Movqvites (Mosquito), "Histoire Naturelle
des Indes," ca. 1586

Cattle and sheep ground the American vegetation between their apartment teeth, preventing the regrowth of native shrubs and trees. Below their hooves would sprout grasses from Africa, possibly introduced from slave ship bedding; splay-leaved [with wide leaves] and dense on the footing, they choked out native vegetation. (Conflicting grasses could withstand grazing improve than Caribbean area groundcover plants because grasses abound from the base of the leaf, dissimilar nigh other species, which grows from the tip. Grazing consumes the growth zones of the latter but has little touch on those in the former.) Over the years forests of Caribbean palm, mahogany, and ceiba [the silk-cotton tree] became wood of Australian acacia [small tree of the mimosa family], Ethiopian shrubs, and the Central American logwood. Scurrying beneath, mongooses from Bharat eagerly collection Dominican snakes toward extinction. The changes continue to this day. Orangish groves, introduced to Hispaniola from Kingdom of spain, accept recently begun to fall to the depredation of lime swallowtail butterflies, a citrus pest from Southeast Asia that probably came over in 2004. Today Hispaniola has only small fragments of its original forest.

Extract ii

Shut Reading Questions

nine. According to the writer and his sources, what unintended import came in to Hispaniola with plantains?
With the plantains came scale insects.

10. How does the author define calibration insects?
They are small creatures with tough, waxy coats that suck the juices from plant roots and stems.

11. Define "ecological release."
Ecological release is when an invasive species is introduced into an surround with no natural predators and subsequently the population explodes.

12. Using the case of scale insects as evidence, why are natural predators important to an ecosystem?
They assistance to regulate the population of a species and go along an ecosystem in residual.

thirteen. What was the unintended outcome of this import, scale insects, according to Wilson? Why did they have this effect?
The scale insects sucked juices from plants and stems. They had no natural enemies, so their populations grew greatly. The scale insects became a food source for burn down ants. With a well-nigh unlimited food source, the burn down emmet population grew greatly. The burn ants invaded settlers' homes. This proved to exist dangerous to the settlers.

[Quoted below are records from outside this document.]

Lemma foci_dist_sum_eq2 z :
  foci_dist_sum z = 2 -> z = RtoC (Re z) /\ -1 <= Re z <= 1.
Proof.
  unfold foci_dist_sum. intros Hsum.
  assert (Hm := Cmod_sub1_sqr z). assert (Hp := Cmod_add1_sqr z).
  assert (Hm0 := Cmod_ge_0 (z - 1)). assert (Hp0 := Cmod_ge_0 (z + 1)).
  assert (Hdiff : Cmod (z + 1) - Cmod (z - 1) = 2 * Re z).
  { assert ((Cmod (z + 1) - Cmod (z - 1)) * 2 = 4 * Re z) by (rewrite <- Hsum; nra). lra. }
  assert (Him : Im z = 0).
  { assert (Cmod (z - 1) = 1 - Re z) by lra. nra. }
  split; [|lra].
  destruct z as [x y]. unfold Im in Him; simpl in Him. subst y. reflexivity.
Qed.

Lemma sqr_sub2_orbit_bounded (x : nat -> R) :
  (forall k, 2 <= x k) -> (forall k, x (S k) = x k ^ 2 - 2) ->
  (exists M, forall k, x k <= M) -> x 0%nat = 2.
Proof.
  intros Hge Hrec [M HM].
  assert (Hlin : forall k, (INR k + 1) * (x 0%nat - 2) <= x k - 2).
  { induction k as [|k IH]; [simpl; lra|].
    rewrite Hrec, S_INR.
    assert (Hk := pos_INR k). assert (Hx := Hge k). assert (Hx0 := Hge 0%nat).
    assert (4 * (x k - 2) <= x k ^ 2 - 4) by nra. nra. }
  apply Rle_antisym; [|apply Hge].
  apply Rnot_lt_le. intros Hlt.
  destruct (INR_unbounded ((M - 2) / (x 0%nat - 2))) as [k Hk].
  specialize (Hlin k). specialize (HM k).
  apply Rmult_gt_compat_r with (r := x 0%nat - 2) in Hk; [|lra].
  unfold Rdiv in Hk. rewrite Rmult_assoc, Rinv_l in Hk; lra.
Qed.
Lemma abs_sum_le_bpart i : abs_sum_le (bpart i) (k i).
Proof.
  intros St HSt; destruct (classic (exists t0, Bsupp i t0)) as [[t0 H0]|Hnone].
  2: { apply Rle_trans with (lsum (fun _ : Q => 0) []); [|apply hk0].
       apply (lsum_le_inj _ _ (fun t => t)); [assumption | constructor | simpl; tauto | |];
         intros t; intros; exfalso; apply Hnone; exists t; apply Bsupp_bpart; assumption. }
  set (f := cenum t0).
  set (y n := Rmin (weight i f n) (Rmax 0 (k i - lsum (weight i f) (seq 0 n)))).
  assert (Hf : forall t, Bsupp i t -> cenum t = f).
  { intros t Ht; unfold f, cenum; rewrite (component_Bsupp i t t0); auto. }
  assert (Hy : forall t, Bsupp i t -> Rabs (bpart i t) = y (crank t)).
  { intros t Ht; rewrite Rabs_bpart by assumption; unfold budget, y.
    rewrite (Hf t Ht); reflexivity. }
  destruct (list_nat_bound crank St) as [N HN].
  apply Rle_trans with (lsum y (seq 0 N)).
  - apply (lsum_le_inj _ _ crank); auto using seq_NoDup.
    + intros n _; unfold y, Rmin; destruct (Rle_dec _ _); [apply weight_nonneg | apply Rmax_l].
    + intros t Ht Hpos; rewrite Hy by (apply Bsupp_bpart; assumption).
      split; [apply in_seq; specialize (HN t Ht); lia | lra].
    + intros t t' _ _ Hpos Hpos' Heq.
      pose proof (cenum_crank t) as Et; pose proof (cenum_crank t') as Et'.
      rewrite Hf in Et, Et' by (apply Bsupp_bpart; assumption).
      rewrite Heq in Et; congruence.
  - unfold y; rewrite lsum_greedy; [apply Rmin_l | apply hk0 | apply weight_nonneg].
Qed.

Definition window (f : nat -> option Q) (d : Q) (N : nat) : list Q :=
  nodup (fun x y => excluded_middle_informative (x = y))
    (map (fun n => match f n with Some s => s | None => d end) (seq 0 N)).

Lemma lsum_weight_le_window i f d N :
  lsum (weight i f) (seq 0 N) <= lsum (fun s => Rabs (F i s)) (window f d N).
Proof.
  apply (lsum_le_inj _ _ (fun n => match f n with Some s => s | None => d end)).
  - apply seq_NoDup.
  - apply NoDup_nodup.
  - intros; apply Rabs_pos.
  - intros n Hn _; split; [apply nodup_In, in_map_iff; eauto|].
    unfold weight; destruct (f n) as [s|];
      [destruct (excluded_middle_informative _); pose proof (Rabs_pos (F i s))
      | pose proof (Rabs_pos (F i d))]; lra.
  - intros n n' _ _ Hn Hn' Heq; unfold weight in Hn, Hn'.
    destruct (f n) as [s|]; [|lra]; destruct (f n') as [s'|]; [|lra].
    destruct (excluded_middle_informative (Bsupp i s /\ crank s = n)) as [[_ E]|]; [|lra].
    destruct (excluded_middle_informative (Bsupp i s' /\ crank s' = n')) as [[_ E']|]; [|lra].
    congruence.
Qed.

Lemma Rabs_apart_le i t : Bsupp i t ->
  Rabs (F i t - bpart i t)
  <= Rmax 0 (lsum (weight i (cenum t)) (seq 0 (S (crank t))) - k i).
Proof.
  intros Ht; unfold bpart; destruct (excluded_middle_informative _); [|contradiction].
  rewrite Rabs_sub_clamp by apply Rmax_l.
  rewrite lsum_seq_S, weight_crank by assumption; unfold budget, Rmax.
  repeat destruct (Rle_dec _ _); lra.
Qed.

(* The window of the first [crank t + 1] points of the class of [t] does not
   depend on [i], so [hS] applies to it. *)
Lemma lim0_apart t : lim0 (fun i => F i t - bpart i t).
Proof.
  intros eps Heps.
  destruct (hS (window (cenum t) t (S (crank t))) (NoDup_nodup _ _) eps Heps) as [l1 Hl1].
  destruct (hA t eps Heps) as [l2 Hl2].
  exists (l1 ++ l2); intros i Hi; apply in_or_app.
  destruct (classic (Bsupp i t)) as [Ht|Ht].
  - left; apply Hl1.
    pose proof (Rabs_apart_le i t Ht).
    pose proof (lsum_weight_le_window i (cenum t) t (S (crank t))).
    unfold Rmax in *; destruct (Rle_dec _ _); lra.
  - right; apply Hl2; rewrite bpart_out, Rminus_0_r in Hi by assumption.
    destruct (hAB i t) as [HAt|HBt].
    + unfold chi; destruct (excluded_middle_informative (A i t)); [|contradiction].
      rewrite Rmult_1_r; exact Hi.
    + assert (F i t = 0) as Hz by (apply NNPP; intros Hz; apply Ht; split; assumption).
      rewrite Hz, Rabs_R0 in Hi; lra.
Qed.

Lemma split_type_c0l1_bounded : type_c0l1_bounded F k.
Proof.
  exists (fun i t => F i t - bpart i t), bpart; repeat split.
  - intros; ring.
  - apply lim0_apart.
  - apply abs_sum_le_bpart.
Qed.

End GreedyTruncation.

Theorem proposition2p22 (I Q : Type) (F : I -> Q -> R) (k : I -> R)
  (hk0 : forall i, 0 <= k i)
  (hkb : exists K : R, forall i, k i <= K)
  (hS : forall S : list Q, NoDup S ->
          le_mod_c0 (fun i => lsum (fun t => Rabs (F i t)) S) k)
  (hcount : forall t : Q, countable_pred (fun i => F i t <> 0)) :
  (type_c0l1 F <->
     exists A B : I -> Q -> Prop,
       (forall i t, A i t \/ B i t) /\
       (forall i t, ~ (A i t /\ B i t)) /\
       (forall t, lim0 (fun i => F i t * chi A i t)) /\
       (forall i, countable_pred (fun t => B i t))) /\
  ((exists A B : I -> Q -> Prop,
       (forall i t, A i t \/ B i t) /\
       (forall i t, ~ (A i t /\ B i t)) /\
       (forall t, lim0 (fun i => F i t * chi A i t)) /\
       (forall i, countable_pred (fun t => B i t))) <->
     type_c0l1_bounded F k).
Proof.
  assert (Hbc : c0_countable_split F -> type_c0l1_bounded F k).
  { intros [A [B [hAB [_ [hA hB]]]]]; eapply split_type_c0l1_bounded; eauto. }
  assert (Hca : type_c0l1_bounded F k -> type_c0l1 F)
    by apply (type_c0l1_bounded_type_c0l1 F k hkb).
  pose proof (type_c0l1_split F) as Hab.
  unfold c0_countable_split in *; tauto.
Qed.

fourteen. Mann begins the second paragraph in this extract with "So far this is informed speculation." What event does this admission have on our perception of Isle of mann as an writer?
It reminds the reader that Isle of man is approaching his topic from a scientific perspective, existence careful to alert readers to what is proven and what is non. This helps to found him as a writer we tin can trust.

15. What certificate from the 1500s seems to confirm this unintended issue?
Bartolome de Las Casas wrote of a sudden infestation of fire ants in 1518 and 1519.

sixteen. What was the unintended effect to settlers of the introduction of plantains to Hispaniola?
Although they had plantains to consume, they also had to bargain with burn ants. As a consequence, they abased their homes.

17. How does Mann combine 16th and 20th century testify?
He uses 20th century scientific discipline to explicate a 16th century center-witness account.

Hither Mann gives a specific example of unintended consequences.

Natives and newcomers interacted in unexpected ways, creating biological clamor. When Spanish colonists imported African plantains [a tropical establish that resembles a assistant] in 1516, the Harvard entomologist Edward O. Wilson has proposed, they also imported scale insects, small creatures with tough, waxy coats that suck the juices from plant roots and stems. Nigh a dozen assistant-infesting calibration insects are known in Africa. In Hispaniola, Wilson argued, these insects had no natural enemies. In result, their numbers must take exploded — a phenomenon known to scientific discipline as "ecological release." This spread of calibration insects would have dismayed the island's European banana farmers but delighted one of its native species: the tropical burn down emmet Solenopsis geminata. S. geminata is fond of dining on scale insects' sugary excrement; to ensure the flow, the ants volition attack anything that disturbs them. A big increase in calibration insects would have led to a big increase in fire ants.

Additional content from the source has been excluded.